Whip scorpions have a disjunct distribution in Africa, Asia, and the New World (Harvey, 2002, 2003). Approximately 80% of the species occur in Asia, extending from India and Sri Lanka to Samoa. Nearly 50% of these are recorded from Myanmar and Indonesia. Although common in New Guinea and the Solomon Islands, whip scorpions are absent from Australia. In the New World, whip scorpions occur in North America, South America, and the Caribbean. Their distribution ranges from the southern United States to Brazil, but they have not been recorded in Panama, Ecuador, or Peru. In the Caribbean, they occur on the islands of Cuba, Hispañola, and Martinique. A single species, Etienneus africanus (Hentschel, 1899), occurs in Africa (figs. 1, 2).
Figure 1
Etienneus africanus (Hentschel, 1899), ♂ (AMNH), habitus. A. dorsal aspect. B. ventral aspect. Scale bar = 10 mm.
Figure 2
Etienneus africanus (Hentschel, 1899), ♀ (AMNH), habitus. A. ♀, dorsal aspect. B. ♀, ventral aspect. Scale bar = 10 mm.
Etienneus africanus is currently placed in subfamily Hypoctoninae because it lacks a carina between the lateral and median ocelli. It was previously suggested that no indigenous whip scorpions exist in Africa, and that this species was probably introduced to the Gambia region, 130–150 years ago, in shipments of agricultural material from Burma (Myanmar) or Thailand (Millot, 1949; Cooke and Shadab, 1973). At the time of its discovery, there were two Old World genera of Hypoctoninae, Hypoctonus Thorell, 1888, and Labochirus Pocock, 1894, sharing elaborate modifications of the male pedipalp patellar apophysis, but separated by the presence of an accessory tooth on the internal margin of the pedipalp coxal apophysis in Labochirus that is absent in Hypoctonus (Pocock, 1894, 1900; Kraepelin, 1897, 1899). The African species was originally placed under Hypoctonus because it lacks the accessory tooth; the male, and hence the state of the male pedipalp patellar apophysis, were unknown. Gravely (1916) considered the accessory tooth less important than the tibial spur of leg III, redefined the composition of Hypoctonus and Labochirus, and transferred Hypoctonus africanus Hentschel, 1899, to Labochirus based on the absence of a tibial spur on leg III. Gravely's (1916) classification of Hypoctonus and Labochirus, based on the tibial spur of leg III, was adopted by Mello-Leitão (1931), whereas Werner (1935) and Rowland and Cooke (1973) followed the original classification based on the accessory tooth of the pedipalp coxal apophysis (Pocock, 1894, 1900; Kraepelin, 1897, 1899). Rowland and Cooke (1973) argued that tibial spurs are not reliable characters because they can vary within a species (e.g., H. africanus) and that defining Hypoctonus and Labochirus based on the tibial spur of leg III made little sense biogeographically.
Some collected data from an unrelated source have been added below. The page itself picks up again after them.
(* Let $A\in\{0,1\}^{n\times n}$ be a decomposable maximal matrix and let $n=\prod_{j=1}^m p_j^{k_j}$ be the prime factorization of $n$ (distinct primes $p_j$, exponents $k_j\ge1$). Let $\mathcal{L}=\{n_1:(n_1,n_2)\text{ is a compatible pair and } A \text{ admits an } (n_1,n_2)\text{ factorization}\}$. For any branch $\mathfrak{l}_0<\dots<\mathfrak{l}_q$ of $\mathcal{L}$, let $(n_1,\dots,n_\ell)=(\mathfrak{l}_0,\mathfrak{l}_1/\mathfrak{l}_0,\dots,\mathfrak{l}_q/\mathfrak{l}_{q-1},n/\mathfrak{l}_q)$ be the sizes of the factorization resulting from the branch. Then: (1) $n_i\in\{p_1,\dots,p_m\}$ for all $i=1,\dots,\ell$; (2) $\ell=\sum_{j=1}^m k_j$; (3) the number of branches of $\mathcal{L}$ is $\dfrac{\ell!}{\prod_{j=1}^m k_j!}$.
   Context: Kronecker products of binary matrices use Boolean arithmetic ($1+1=1$). An $(n_1,\dots,n_m)$ factorization of $A$ is $A=A_1\otimes\cdots\otimes A_m$ with $A_i\in\{0,1\}^{n_i\times n_i}$, $\prod n_i=n$. A compatible pair for $n$ is $(n_1,n_2)$ with $n_1,n_2$ positive divisors of $n$ different from $1$ and $n$ and $n_1n_2=n$. $A$ is decomposable if it admits an $(n_1,\dots,n_\ell)$ factorization with $\ell>1$ and all $n_i>1$; a decomposable $A$ is maximal if it admits an $(n_1,n_2)$ factorization for every compatible pair $(n_1,n_2)$. For a finite set $\mathcal{X}\subset\mathbb{N}$, $\overline{\mathcal{X}}$ denotes the set of elements of $\mathcal{X}$ that are not multiples of another element of $\mathcal{X}$. A branch of $\mathcal{L}$ is a sequence $\mathfrak{l}_0,\dots,\mathfrak{l}_q$ ($q\ge0$) with $\mathfrak{l}_0\in\overline{\mathcal{L}}$; for $k\ge1$, $\mathfrak{l}_k\in\overline{\mathcal{M}_k}$ where $\mathcal{M}_k$ is the set of elements of $\mathcal{L}$ that are multiples of $\mathfrak{l}_{k-1}$ other than $\mathfrak{l}_{k-1}$; the sequence stops at $\mathfrak{l}_q$ when $\mathcal{L}$ contains no multiple of $\mathfrak{l}_q$ other than itself. *)

From mathcomp Require Import all_boot all_order all_algebra.
Set Implicit Arguments. Unset Strict Implicit. Unset Printing Implicit Defensive.

(* Binary matrices of size k are 'M[bool]_k; the (Boolean) product of two
   entries is &&.  A Kronecker product only multiplies entries, so the
   Boolean addition 1+1=1 never intervenes. *)

(* entry (i,j) of a k x k binary matrix, indices given as nat (false if out of range) *)
Definition mentry (k : nat) (M : 'M[bool]_k) (i j : nat) : bool :=
  match @insub nat (fun x => x < k) 'I_k i, @insub nat (fun x => x < k) 'I_k j with
  | Some i', Some j' => M i' j'
  | _, _ => false
  end.

Definition mxlist := seq {k : nat & 'M[bool]_k}.

Definition sizes_of (fs : mxlist) : seq nat := map tag fs.

(* entry (i,j) of A_1 (x) A_2 (x) ... (x) A_m, with the usual index convention
   (A (x) B)[i1*n2+i2, j1*n2+j2] = A[i1,j1] * B[i2,j2]; empty product = [1]. *)
Fixpoint kronE (fs : mxlist) (i j : nat) : bool :=
  match fs with
  | [::] => true
  | F :: rest =>
      let r := \prod_(k <- sizes_of rest) k in
      mentry (projT2 F) (i %/ r) (j %/ r) && kronE rest (i %% r) (j %% r)
  end.

Definition factorization (n : nat) (A : 'M[bool]_n) (ns : seq nat) : Prop :=
  \prod_(k <- ns) k = n /\
  exists fs : mxlist, sizes_of fs = ns /\
    forall i j : 'I_n, A i j = kronE fs i j.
A second African species, Hypoctonus clarki Cooke and Shadab, 1973, morphologically distinct from H. africanus, was subsequently described, and H. africanus redescribed (Cooke and Shadab, 1973). In the early 1980s, the Muséum National d'Histoire Naturelle, Paris, obtained several adult male and female whip scorpions from Senegal and a male specimen from Guinea. Hentschel's (1899) type series of H. africanus was rediscovered and examined. Heurtault (1984) compared the new material with the holotypes of H. africanus and H. clarki, and discovered that H. clarki was in fact the adult male of H. africanus and not the female of another species. Hypoctonus clarki was therefore synonymized with H. africanus. The genus Etienneus Heurtault, 1984 was created to accommodate the lone African species, based on the fact that the male lacks any modification of the pedipalp patellar apophysis, which separates it from both Hypoctonus and Labochirus. Heurtault (1984) suggested that E. africanus is a Gondwana relict and is more closely related phylogenetically to the Neotropical whip scorpion genus Thelyphonellus Pocock, 1894, also a member of the Hypoctoninae, than to the Asian hypoctonine genera.
No further investigations of this unique African whip scorpion were conducted after Heurtault (1984). Its relationship to other whip scorpion genera remains unclear. As part of ongoing investigations into the systematics of Thelyphonida and their relationship to other arachnid orders, the first author travelled to West Africa in the summer of 2005, to collect fresh material of E. africanus for a reinvestigation of its morphology. Several specimens were collected from Senegal, within 30 km of the border with Guinea and 100 km of the border with Mali, and also from Guinea-Bissau, the first record of the species from this country (fig. 3).
Figure 3
Map of West Africa, plotting the known locality records of Etienneus africanus (Hentschel, 1899).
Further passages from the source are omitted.